*** Records shown

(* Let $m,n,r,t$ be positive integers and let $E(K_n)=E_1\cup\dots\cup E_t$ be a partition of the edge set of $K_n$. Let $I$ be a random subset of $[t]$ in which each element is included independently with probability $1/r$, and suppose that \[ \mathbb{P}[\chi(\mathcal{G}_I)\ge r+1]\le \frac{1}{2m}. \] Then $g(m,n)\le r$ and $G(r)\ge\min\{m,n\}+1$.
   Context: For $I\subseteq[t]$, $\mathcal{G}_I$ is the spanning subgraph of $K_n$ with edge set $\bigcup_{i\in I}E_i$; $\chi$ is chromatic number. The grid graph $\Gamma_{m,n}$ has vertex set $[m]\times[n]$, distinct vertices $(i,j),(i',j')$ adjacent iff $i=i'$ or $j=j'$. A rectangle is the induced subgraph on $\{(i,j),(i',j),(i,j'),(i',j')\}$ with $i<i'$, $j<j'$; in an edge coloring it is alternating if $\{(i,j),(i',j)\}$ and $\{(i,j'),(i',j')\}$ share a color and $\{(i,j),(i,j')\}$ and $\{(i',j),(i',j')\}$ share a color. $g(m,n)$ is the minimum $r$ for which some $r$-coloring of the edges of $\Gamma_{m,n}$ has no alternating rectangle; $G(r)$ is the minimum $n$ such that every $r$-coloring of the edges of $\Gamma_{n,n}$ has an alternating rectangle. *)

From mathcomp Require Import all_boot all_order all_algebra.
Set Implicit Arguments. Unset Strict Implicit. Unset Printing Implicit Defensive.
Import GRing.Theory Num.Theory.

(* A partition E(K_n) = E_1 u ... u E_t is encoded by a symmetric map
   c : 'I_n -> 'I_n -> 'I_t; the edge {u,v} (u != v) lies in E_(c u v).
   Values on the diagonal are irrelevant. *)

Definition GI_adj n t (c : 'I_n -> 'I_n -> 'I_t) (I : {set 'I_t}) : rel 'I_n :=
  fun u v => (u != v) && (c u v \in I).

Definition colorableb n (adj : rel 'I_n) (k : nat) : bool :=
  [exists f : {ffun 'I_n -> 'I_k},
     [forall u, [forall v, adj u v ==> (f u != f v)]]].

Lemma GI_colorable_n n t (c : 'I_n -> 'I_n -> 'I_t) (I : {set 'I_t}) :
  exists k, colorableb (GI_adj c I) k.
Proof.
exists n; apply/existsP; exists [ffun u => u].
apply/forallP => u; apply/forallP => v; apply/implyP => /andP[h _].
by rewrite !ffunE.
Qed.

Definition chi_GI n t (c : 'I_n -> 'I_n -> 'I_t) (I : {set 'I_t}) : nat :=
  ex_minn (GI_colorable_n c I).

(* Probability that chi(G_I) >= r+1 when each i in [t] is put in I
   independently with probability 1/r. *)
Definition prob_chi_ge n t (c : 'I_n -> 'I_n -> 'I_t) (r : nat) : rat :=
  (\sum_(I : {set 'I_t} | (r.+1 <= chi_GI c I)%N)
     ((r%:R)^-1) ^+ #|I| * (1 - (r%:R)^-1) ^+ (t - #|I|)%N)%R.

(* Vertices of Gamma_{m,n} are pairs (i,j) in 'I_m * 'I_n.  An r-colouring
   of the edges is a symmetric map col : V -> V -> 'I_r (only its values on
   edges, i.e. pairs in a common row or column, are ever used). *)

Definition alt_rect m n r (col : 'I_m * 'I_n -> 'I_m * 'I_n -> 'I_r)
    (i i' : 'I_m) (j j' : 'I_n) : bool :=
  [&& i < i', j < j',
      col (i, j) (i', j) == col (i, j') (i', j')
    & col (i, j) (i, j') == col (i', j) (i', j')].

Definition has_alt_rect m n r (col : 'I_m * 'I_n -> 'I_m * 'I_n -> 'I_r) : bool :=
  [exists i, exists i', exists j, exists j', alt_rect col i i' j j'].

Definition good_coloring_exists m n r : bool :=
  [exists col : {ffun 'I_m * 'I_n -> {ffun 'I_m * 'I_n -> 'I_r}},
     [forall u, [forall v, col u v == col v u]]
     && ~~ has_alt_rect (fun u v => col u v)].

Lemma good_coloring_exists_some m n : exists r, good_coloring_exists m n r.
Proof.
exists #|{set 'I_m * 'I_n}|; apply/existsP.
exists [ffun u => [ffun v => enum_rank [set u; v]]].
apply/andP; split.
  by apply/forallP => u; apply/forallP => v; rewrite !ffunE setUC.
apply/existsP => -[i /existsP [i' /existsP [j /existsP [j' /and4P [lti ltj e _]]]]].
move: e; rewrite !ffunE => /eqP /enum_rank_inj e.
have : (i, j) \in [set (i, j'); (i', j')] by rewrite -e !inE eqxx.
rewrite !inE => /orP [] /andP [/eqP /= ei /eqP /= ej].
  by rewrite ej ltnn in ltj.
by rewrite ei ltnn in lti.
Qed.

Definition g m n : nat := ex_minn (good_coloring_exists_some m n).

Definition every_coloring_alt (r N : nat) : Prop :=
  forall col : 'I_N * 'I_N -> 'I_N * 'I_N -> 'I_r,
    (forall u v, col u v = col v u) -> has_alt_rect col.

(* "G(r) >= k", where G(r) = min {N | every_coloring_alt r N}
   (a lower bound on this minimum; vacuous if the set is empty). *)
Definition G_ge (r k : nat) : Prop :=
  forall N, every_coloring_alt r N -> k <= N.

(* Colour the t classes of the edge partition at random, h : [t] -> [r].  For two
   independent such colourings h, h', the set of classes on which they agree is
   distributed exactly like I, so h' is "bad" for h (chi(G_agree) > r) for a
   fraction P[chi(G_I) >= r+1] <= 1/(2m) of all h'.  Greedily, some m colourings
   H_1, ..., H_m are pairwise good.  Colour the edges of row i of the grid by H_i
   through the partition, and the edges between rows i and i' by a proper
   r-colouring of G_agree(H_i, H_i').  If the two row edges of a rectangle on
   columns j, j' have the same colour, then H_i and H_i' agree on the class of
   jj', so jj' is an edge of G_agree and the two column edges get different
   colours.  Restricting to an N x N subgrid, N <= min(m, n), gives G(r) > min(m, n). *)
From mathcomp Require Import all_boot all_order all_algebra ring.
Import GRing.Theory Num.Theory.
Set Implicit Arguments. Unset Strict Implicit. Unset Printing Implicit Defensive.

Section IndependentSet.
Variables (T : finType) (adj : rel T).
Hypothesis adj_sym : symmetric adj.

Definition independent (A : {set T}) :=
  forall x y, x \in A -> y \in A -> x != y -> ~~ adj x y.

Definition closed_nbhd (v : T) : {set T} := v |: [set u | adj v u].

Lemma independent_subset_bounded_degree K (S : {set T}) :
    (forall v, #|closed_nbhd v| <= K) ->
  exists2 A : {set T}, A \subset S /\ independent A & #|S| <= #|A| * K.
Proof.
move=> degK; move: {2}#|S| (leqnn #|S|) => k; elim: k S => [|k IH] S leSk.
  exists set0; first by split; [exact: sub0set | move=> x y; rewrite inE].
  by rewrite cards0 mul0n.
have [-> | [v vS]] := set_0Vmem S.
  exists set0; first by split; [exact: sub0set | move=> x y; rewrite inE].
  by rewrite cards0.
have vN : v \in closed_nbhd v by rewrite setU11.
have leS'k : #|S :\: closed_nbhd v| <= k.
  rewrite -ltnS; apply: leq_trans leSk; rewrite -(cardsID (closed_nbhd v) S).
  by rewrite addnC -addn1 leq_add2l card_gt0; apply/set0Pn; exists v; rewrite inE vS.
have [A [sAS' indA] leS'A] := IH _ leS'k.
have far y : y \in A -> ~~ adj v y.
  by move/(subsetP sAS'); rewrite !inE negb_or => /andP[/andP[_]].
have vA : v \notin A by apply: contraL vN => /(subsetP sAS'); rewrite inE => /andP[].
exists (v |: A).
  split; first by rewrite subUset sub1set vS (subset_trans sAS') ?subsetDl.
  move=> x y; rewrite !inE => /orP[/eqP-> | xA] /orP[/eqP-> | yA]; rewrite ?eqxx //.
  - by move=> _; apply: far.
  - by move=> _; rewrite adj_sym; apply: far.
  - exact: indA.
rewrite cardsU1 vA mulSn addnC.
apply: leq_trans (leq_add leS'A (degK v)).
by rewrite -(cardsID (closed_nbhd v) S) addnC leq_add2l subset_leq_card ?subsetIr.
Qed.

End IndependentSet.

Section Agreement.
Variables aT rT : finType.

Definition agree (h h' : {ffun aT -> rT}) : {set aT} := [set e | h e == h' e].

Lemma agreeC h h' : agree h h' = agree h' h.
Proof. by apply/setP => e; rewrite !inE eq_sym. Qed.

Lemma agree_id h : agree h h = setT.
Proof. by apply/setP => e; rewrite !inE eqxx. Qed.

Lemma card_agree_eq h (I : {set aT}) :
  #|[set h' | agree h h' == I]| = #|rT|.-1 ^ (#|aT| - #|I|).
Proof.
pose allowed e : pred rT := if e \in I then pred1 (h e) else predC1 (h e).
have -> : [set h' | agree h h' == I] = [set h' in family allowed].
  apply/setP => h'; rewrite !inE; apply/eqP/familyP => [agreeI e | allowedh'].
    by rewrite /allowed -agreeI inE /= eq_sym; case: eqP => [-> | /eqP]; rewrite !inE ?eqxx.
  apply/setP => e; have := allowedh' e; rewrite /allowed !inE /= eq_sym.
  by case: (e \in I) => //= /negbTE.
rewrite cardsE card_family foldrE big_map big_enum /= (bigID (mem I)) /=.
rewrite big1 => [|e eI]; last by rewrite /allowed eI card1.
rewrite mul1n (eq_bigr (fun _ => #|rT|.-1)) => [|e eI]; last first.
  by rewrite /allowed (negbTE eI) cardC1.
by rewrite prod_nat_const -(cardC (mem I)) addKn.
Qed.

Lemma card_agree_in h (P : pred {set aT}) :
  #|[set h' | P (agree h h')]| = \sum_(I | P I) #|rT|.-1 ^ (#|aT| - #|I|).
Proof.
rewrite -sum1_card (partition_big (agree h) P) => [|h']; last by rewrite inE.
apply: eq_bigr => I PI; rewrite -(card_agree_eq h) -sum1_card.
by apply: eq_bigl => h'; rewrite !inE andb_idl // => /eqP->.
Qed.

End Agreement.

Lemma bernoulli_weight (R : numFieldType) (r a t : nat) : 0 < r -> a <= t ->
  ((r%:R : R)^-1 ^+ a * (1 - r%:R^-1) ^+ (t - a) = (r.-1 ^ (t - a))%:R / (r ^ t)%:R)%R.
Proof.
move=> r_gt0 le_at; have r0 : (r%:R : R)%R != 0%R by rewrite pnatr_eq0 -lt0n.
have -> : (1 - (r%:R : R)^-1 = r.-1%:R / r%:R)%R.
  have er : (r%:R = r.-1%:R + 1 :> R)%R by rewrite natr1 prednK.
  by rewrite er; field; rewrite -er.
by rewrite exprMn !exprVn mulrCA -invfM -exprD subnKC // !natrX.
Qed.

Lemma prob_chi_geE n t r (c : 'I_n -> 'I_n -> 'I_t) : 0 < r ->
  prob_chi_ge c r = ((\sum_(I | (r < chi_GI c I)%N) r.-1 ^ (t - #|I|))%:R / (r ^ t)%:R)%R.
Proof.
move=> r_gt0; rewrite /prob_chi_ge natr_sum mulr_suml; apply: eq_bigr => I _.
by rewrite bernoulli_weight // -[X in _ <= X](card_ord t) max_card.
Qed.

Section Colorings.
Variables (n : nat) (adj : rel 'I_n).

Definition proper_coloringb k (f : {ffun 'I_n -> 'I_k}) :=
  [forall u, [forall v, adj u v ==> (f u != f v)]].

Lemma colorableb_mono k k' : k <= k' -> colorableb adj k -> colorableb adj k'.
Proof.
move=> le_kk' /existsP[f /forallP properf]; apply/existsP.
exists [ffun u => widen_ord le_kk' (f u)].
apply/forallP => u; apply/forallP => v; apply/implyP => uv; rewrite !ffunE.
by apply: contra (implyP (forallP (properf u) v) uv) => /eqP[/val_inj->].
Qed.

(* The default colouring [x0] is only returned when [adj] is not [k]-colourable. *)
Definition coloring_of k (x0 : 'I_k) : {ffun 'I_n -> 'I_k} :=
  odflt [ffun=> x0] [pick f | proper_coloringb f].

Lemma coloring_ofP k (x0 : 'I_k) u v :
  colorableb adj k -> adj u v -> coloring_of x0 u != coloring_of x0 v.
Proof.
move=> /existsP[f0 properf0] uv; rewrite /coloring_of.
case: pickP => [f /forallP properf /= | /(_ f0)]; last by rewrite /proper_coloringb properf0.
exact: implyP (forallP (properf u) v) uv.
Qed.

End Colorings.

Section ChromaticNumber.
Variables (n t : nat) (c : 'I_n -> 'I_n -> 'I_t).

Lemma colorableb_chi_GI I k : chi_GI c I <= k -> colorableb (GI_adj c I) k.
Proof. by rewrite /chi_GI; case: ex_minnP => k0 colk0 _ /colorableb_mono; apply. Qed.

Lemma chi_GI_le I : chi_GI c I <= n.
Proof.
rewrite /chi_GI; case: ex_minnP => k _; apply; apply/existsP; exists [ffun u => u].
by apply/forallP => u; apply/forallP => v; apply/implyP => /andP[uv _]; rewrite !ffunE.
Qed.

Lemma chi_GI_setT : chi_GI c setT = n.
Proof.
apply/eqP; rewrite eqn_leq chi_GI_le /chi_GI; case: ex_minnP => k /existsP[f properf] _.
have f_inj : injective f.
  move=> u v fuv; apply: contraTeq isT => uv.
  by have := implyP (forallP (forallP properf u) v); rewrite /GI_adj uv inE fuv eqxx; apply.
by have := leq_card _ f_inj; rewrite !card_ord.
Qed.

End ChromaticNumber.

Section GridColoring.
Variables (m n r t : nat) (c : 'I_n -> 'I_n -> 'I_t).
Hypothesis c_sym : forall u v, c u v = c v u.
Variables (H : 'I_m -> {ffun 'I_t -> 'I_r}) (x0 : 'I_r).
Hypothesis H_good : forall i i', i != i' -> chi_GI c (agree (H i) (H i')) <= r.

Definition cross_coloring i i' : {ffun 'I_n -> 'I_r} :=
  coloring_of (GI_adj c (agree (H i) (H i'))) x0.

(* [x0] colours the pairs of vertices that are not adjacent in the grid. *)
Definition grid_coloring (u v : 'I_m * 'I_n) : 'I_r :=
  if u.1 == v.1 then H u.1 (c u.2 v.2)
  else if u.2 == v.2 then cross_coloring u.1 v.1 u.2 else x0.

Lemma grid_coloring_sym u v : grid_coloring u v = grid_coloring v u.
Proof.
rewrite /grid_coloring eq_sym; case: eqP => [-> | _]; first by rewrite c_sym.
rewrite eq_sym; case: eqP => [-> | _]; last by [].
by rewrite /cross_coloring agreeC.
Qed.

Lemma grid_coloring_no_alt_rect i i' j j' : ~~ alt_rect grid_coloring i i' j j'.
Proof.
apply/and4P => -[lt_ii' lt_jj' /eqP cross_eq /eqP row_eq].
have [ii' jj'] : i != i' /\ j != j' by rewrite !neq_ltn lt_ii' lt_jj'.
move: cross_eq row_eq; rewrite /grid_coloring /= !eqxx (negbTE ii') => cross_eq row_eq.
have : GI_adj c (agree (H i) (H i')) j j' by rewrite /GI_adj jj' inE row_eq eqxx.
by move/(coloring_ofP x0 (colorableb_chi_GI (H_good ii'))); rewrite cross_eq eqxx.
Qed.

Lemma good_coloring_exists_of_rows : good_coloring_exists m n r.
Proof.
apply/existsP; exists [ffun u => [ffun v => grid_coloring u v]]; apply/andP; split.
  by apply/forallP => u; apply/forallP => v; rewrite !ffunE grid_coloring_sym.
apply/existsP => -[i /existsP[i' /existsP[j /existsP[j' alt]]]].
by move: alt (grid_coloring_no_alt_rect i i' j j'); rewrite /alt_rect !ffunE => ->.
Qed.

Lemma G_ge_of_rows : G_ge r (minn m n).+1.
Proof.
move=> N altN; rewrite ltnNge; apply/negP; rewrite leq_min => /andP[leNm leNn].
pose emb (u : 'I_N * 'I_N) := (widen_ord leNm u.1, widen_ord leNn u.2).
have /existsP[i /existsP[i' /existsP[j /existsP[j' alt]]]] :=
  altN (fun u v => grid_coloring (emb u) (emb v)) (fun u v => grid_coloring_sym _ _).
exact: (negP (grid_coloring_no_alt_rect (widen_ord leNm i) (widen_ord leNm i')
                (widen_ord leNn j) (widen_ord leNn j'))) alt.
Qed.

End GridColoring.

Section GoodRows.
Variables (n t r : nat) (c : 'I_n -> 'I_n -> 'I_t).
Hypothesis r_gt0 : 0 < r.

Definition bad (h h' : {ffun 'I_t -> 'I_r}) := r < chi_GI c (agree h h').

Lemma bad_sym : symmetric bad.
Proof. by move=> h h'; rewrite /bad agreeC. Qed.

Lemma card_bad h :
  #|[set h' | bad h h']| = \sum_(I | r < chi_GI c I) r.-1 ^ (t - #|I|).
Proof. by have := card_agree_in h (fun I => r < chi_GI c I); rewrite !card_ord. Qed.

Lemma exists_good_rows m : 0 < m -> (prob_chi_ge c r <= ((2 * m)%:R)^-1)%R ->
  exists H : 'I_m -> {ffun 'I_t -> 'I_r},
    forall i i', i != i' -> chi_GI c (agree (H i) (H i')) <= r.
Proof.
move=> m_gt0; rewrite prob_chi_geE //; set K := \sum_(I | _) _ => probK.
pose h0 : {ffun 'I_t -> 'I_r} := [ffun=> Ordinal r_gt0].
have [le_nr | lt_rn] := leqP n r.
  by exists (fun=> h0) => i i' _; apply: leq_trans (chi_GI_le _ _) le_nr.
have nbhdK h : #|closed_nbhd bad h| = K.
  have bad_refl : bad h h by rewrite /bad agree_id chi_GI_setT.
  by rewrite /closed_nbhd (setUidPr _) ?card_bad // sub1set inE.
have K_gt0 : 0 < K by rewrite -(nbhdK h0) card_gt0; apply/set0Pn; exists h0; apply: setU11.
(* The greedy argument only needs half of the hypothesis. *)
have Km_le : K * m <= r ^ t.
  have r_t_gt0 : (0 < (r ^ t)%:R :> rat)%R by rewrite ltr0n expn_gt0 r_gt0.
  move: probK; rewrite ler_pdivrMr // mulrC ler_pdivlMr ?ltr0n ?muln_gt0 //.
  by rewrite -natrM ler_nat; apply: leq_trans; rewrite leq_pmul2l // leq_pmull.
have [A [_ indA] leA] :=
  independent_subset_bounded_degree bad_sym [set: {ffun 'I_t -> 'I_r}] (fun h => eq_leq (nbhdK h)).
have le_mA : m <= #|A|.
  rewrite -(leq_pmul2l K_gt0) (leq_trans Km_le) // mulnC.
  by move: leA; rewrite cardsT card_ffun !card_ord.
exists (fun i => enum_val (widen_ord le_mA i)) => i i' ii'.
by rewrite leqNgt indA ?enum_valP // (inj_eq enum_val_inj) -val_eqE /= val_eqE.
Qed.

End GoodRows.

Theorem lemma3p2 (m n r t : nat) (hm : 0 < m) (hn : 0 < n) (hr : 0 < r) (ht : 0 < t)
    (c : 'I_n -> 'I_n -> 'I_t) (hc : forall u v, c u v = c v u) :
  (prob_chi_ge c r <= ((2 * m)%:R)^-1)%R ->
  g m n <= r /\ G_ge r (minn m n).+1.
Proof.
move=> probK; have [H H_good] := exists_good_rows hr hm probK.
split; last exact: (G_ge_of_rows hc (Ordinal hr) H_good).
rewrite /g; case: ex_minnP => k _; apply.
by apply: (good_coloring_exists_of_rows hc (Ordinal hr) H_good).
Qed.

******

Which lines above carry the string "Import"? Copy those lines.

From mathcomp Require Import all_boot all_order all_algebra.
Import GRing.Theory Num.Theory.
From mathcomp Require Import all_boot all_order all_algebra ring.
Import GRing.Theory Num.Theory.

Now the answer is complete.